Накануне ночным ударом наши подразделения прорвали вражескую оборону и заняли этот крупный населенный пункт. Снова в бою отличились наши постоянные друзья — танкисты капитана Бортовского. Батарея артдивизиона 35-й мехбригады успешно отразила конратаку фашистских танков, прорвавшихся к лесу южнее селения Полевое. Их огонь спас жизни многих солдат мотопехоты бригады.
Была отмечена организованность и отвага 18-го отдельного моторизованного саперного батальона, обеспечившего строительство переправы для танков и артиллерии через реку Уду. Успешно прошла ночная атака, были заняты как село Пересечное, так и значительный плацдарм на западном берегу Уды. Три дня шли ожесточенные бои за станцию Люботин, и только 22 августа удалось бригадам мехкорпуса продвинуться к шоссе Харьков — станция Люботин. Первый мехкорпус был выведен из боя с выходом 5-й гвардейской танковой армии на линию фронта.
23 августа город Харьков — вторая столица Украины — был освобожден от фашистской нечисти. Взаимодействие с другими фронтами дало возможность Степному фронту выполнить очень трудную задачу — освободить Белгород и Харьков. 23 августа Москва вновь салютовала победоносному Степному фронту, его войскам.
Так закончились тяжелейшие бои подразделений 1-го мехкорпуса на всем 120-километровом пути от Белгорода до Харькова. По военным сводкам, освобождено 80 населенных пунктов. Войска мехкорпуса уничтожили 132 танка и самоходно-артиллерийских орудия, 10 бронемашин, 35 артиллерийских и минометных батарей, 12 противотанковых орудий, 240 пулеметов, 36 самолетов, 151 автомашину, 58 мотоциклов, разрушили 24 дзота, убили около 8200 гитлеровцев, 580 солдат и офицеров взяли в плен. Таковы данные архива МО СССР, приведенные М.Д. Соломатиным в его очерке “Красноградцы”. И это, скорее всего, не полные данные. Трудно подсчитать в непрерывном передвижении частей итоги боевой операции. Сложно, очень сложно подвести итоги и своих потерь, потому что часто просто не у кого спросить: раненые командиры выбыли в санчасти и госпитали, а погибшие уже не размыкают свои уста, чтобы вымолвить слово.
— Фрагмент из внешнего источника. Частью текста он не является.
(* Let $v_{i_1},\dots,v_{i_m}$ be distinct variables and $e,f,g_1,\dots,g_m,h_1,\dots,h_m\in\mathsf{Exp}/{\sim}$. Then $\mathsf{bd}\big(e[(g_1,\dots,g_m)/(v_{i_1},\dots,v_{i_m})],\,f[(h_1,\dots,h_m)/(v_{i_1},\dots,v_{i_m})]\big)\le\max\{\mathsf{bd}(e,f),\max_{1\le j\le m}\mathsf{bd}(g_j,h_j)\}$.
   Context: Fix variables $V=\{v_1,v_2,\dots\}$ and letters $\Sigma$. Expressions: $e\in\mathsf{Exp}::=0\mid v\ (v\in V)\mid a.e\mid e+f\mid\mu v.e$ ($\mu v$ binds $v$); $e[\vec f/\vec v]$ is simultaneous capture-avoiding substitution. The prechart $(\mathsf{Exp},\partial)$: least relations with $a.e\xrightarrow{a}e$; $v\rhd v$; $e+f$ has all transitions and outputs of $e$ and of $f$; $\mu w.e\rhd v$ if $e\rhd v$, $v\ne w$; $\mu v.e\xrightarrow{a}e'[\mu v.e/v]$ if $e\xrightarrow{a}e'$. Bisimilarity $\sim$ is a congruence for all operations including substitution; $\mathsf{Exp}/{\sim}$ is a prechart $\bar\partial$ via $[e]\xrightarrow{a}[e']$ iff $e\xrightarrow{a}e'$, $[e]\rhd v$ iff $e\rhd v$; it maps $[e]$ to $\beta([e])=\{(a,[e'])\}\cup\{v\mid e\rhd v\}$, a finite set. A 1-bounded pseudometric on $X$ is $d:X\times X\to[0,1]$ with $d(x,x)=0$, symmetry, triangle inequality, ordered pointwise. $d^\uparrow$ on $\Sigma\times X+V$: $d^\uparrow((a,x),(a,y))=\tfrac12 d(x,y)$, $0$ if equal, $1$ otherwise. $\mathcal H(d)(A,B)=\max\{\sup_{x\in A}\inf_{y\in B}d(x,y),\sup_{y\in B}\inf_{x\in A}d(y,x)\}$, $\sup\emptyset=0$, $\inf\emptyset=1$. $\mathsf{bd}$ is the least fixpoint of $d\mapsto\big((x,y)\mapsto\mathcal H(d^\uparrow)(\beta(x),\beta(y))\big)$ on pseudometrics on $\mathsf{Exp}/{\sim}$. *)

From HB Require Import structures.
From mathcomp Require Import all_boot all_order all_algebra.
From mathcomp Require Import boolp classical_sets reals.
Set Implicit Arguments. Unset Strict Implicit. Unset Printing Implicit Defensive.
Import Order.TTheory GRing.Theory Num.Theory.
Local Open Scope classical_set_scope.
Local Open Scope ring_scope.

(* Variables V = {v_0, v_1, ...} are represented by nat; letters by Sigma. *)
Section Syntax.
Variable Sigma : Type.
Lemma nfactors_out_gpow_factors (J : finType) (P : {set J}) (T : J -> {group gT}) N
    (H : {group gpow gT k}) :
    \big[dprod/1]_(c in P) T c = N -> (forall i, ~~ (gpow_inj i @* N \subset H)) ->
  k <= nfactors_out (gpow_factors T) (setX [set: 'I_k] P) H.
Proof.
move=> defN notsub.
have out i : exists2 c, c \in P & ~~ (gpow_factors T (i, c) \subset H).
  apply/exists_inP; apply: contraR (notsub i).
  rewrite negb_exists_in => /forall_inP subT.
  rewrite -(bigdprodWY (gpow_inj_bigdprod i defN)) gen_subG.
  by apply/bigcupsP=> c Pc; have := subT c Pc; rewrite negbK.
rewrite -[k in k <= _]card_ord -cardsT; apply: leq_trans (leq_imset_card fst _).
apply/subset_leq_card/subsetP=> i _; have [c Pc nsub] := out i.
by apply/imsetP; exists (i, c); rewrite ?inE ?Pc.
Qed.

End DirectPower.

Lemma Aut_imset_gen (gT : finGroupType) (G S : {group gT}) f (Af : f \in Aut G) :
  S \subset G -> <<f @: S>> = autm Af @* S.
Proof. by move=> sSG; rewrite -{1}(autmE Af) -morphimEsub // genGid. Qed.

Lemma charsimple_bigdprod_simple (gT : finGroupType) (N : {group gT}) :
    charsimple N -> ~~ abelian N ->
  exists T : {perm gT} -> {group gT}, exists2 I : {set {perm gT}},
    \big[dprod/1]_(f in I) T f = N & {in I, forall f, simple (T f) && ~~ abelian (T f)}.
Proof.
move=> chN nabN; have [S [sSN simS [I AutI defN]]] := charsimple_dprod chN.
pose T (f : {perm gT}) := generated_group (f @: S).
have isoT f : f \in I -> S \isog T f.
  move=> If; have Af := subsetP AutI f If.
  by rewrite /T /= (Aut_imset_gen Af sSN) sub_isog ?injm_autm.
have defNT : \big[dprod/1]_(f in I) T f = N.
  rewrite -defN; apply: eq_bigr => f If; have Af := subsetP AutI f If.
  by rewrite /T /= (Aut_imset_gen Af sSN) morphimEsub // autmE.
have nabS : ~~ abelian S.
  apply: contra nabN => abS; apply: bigdprod_abelian defNT _ => f If.
  by rewrite -(isog_abelian (isoT f If)).
exists T, I => // f If.
by rewrite -(isog_simple (isoT f If)) -(isog_abelian (isoT f If)) simS.
Qed.

Theorem lemma2p1 (gT : finGroupType) (L N : {group gT}) (k : nat)
  (H : {group gpow gT k}) :
  monolithic_primitive L N ->
  ~~ abelian N ->
  0 < k ->
  H \subset setpow k N ->
  gcore H (crown_power k L N) = 1 ->
  5 ^ k <= #|setpow k N : H|.
Proof.
move=> [_ [/normal_norm nNL minN _]] nabN _ sHN coreH.
have ntN : N :!=: 1 by case/mingroupp/andP: minN.
have [T [I defN simT]] := charsimple_bigdprod_simple (minnormal_charsimple minN) nabN.
have simTk : {in setX [set: 'I_k] I, forall p,
    simple (gpow_factors T p) && ~~ abelian (gpow_factors T p)}.
  move=> [i f]; rewrite !inE => /simT.
  have isoT := isog_gpow_factors T i f.
  by rewrite (isog_simple isoT) (isog_abelian isoT).
have notsub i := gpow_inj_notsub_core_free i nNL ntN coreH.
have le_k := nfactors_out_gpow_factors defN notsub.
apply: leq_trans (leq_pexp2l (isT : 0 < 5) le_k) _.
rewrite -(leq_pmul2l (cardG_gt0 H)) (Lagrange sHN) mulnC.
exact: card_sub_bigdprod_simple (setpow_bigdprod_factors k defN) simTk sHN.
Qed.
(* Let $X_n$ be the compactification degree of a simple two-dimensional lattice path chosen uniformly at random among the $4^n$ paths of length $n\ge1$. Then for $r\ge0$, \[ \mathbb{P}(X_n=r)=4^{r+1-n}\sum_{\lambda\ge0}\lambda(-1)^{\lambda-1}\bigg[\binom{2n-1}{n-\lambda2^r}-\binom{2n-1}{n-\lambda2^r-1}\bigg], \] and \[ \mathbb{E}X_n=4^{-n}\sum_{k\ge1}8k\big(2^{v_2(k)}-1\big)\bigg[\binom{2n-1}{n-k}-\binom{2n-1}{n-k-1}\bigg], \] where $v_2(k)$ is the largest $\nu$ such that $2^\nu$ divides $k$, and binomial coefficients with negative lower index are $0$.
   Context: A simple two-dimensional lattice path is a finite nonempty word over the steps $\{\uparrow,\rightarrow,\downarrow,\leftarrow\}$; its length is the number of steps. The reduction $\Phi_L(\ell)$ of a path $\ell$ of length $\ge2$: first, if the first step of $\ell$ is vertical, the entire path is rotated by $90^\circ$ clockwise; then, if the last step is horizontal, this last step alone is rotated by $90^\circ$ clockwise. The resulting path decomposes uniquely as $H_1V_1\cdots H_kV_k$ ($k\ge1$) with each $H_i$ a nonempty maximal run of horizontal steps and each $V_i$ a nonempty maximal run of vertical steps. Each block $H_iV_i$ is replaced by $\nearrow$, $\searrow$, $\swarrow$, $\nwarrow$ according as ($H_i$ starts with $\rightarrow$, $V_i$ with $\uparrow$), ($\rightarrow$, $\downarrow$), ($\leftarrow$, $\downarrow$), ($\leftarrow$, $\uparrow$); the diagonal path is then rotated by $45^\circ$ clockwise, giving $\Phi_L(\ell)$ of length $k$. The compactification degree $\mathrm{cdeg}(\ell)$ of a path of length $\ge1$ is the number $m\ge0$ such that $\Phi_L^m(\ell)$ consists of a single step. *)

From HB Require Import structures.
From mathcomp Require Import all_boot all_order all_algebra.
Set Implicit Arguments. Unset Strict Implicit. Unset Printing Implicit Defensive.
Import Order.TTheory GRing.Theory Num.Theory.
Эту тему — наши потери — много раз обсуждали мы с помощником начштаба батальона Ф.Е. Писаревым и начштаба батальона А.С. Боярским. Тяжкие, кровавые бои обезличивают жертвы. Уходят в безвестность многие тысячи погибших. Память о них — Могила Неизвестного солдата.
Наш батальон понес в боях тяжкие потери: погиб его командир Анатолий Николаевич Шиляев, был дважды ранен Шота Николаевич Гогоришвили, погиб командир пулеметной роты; тяжело ранены командир роты, замещавший некоторое время комбата старший лейтенант Парусов, командир взвода автоматчиков лейтенант Пудовкин, лейтенант Зайцев, комсорг… Велики потери. Дорогой ценой досталось спрямление Орловско-Курской огненной дуги. Но две крупные немецко-фашистские группировки — орловская и белгородско-харьковская — разгромлены. Рядовые и командиры слушали торжественные салюты Москвы.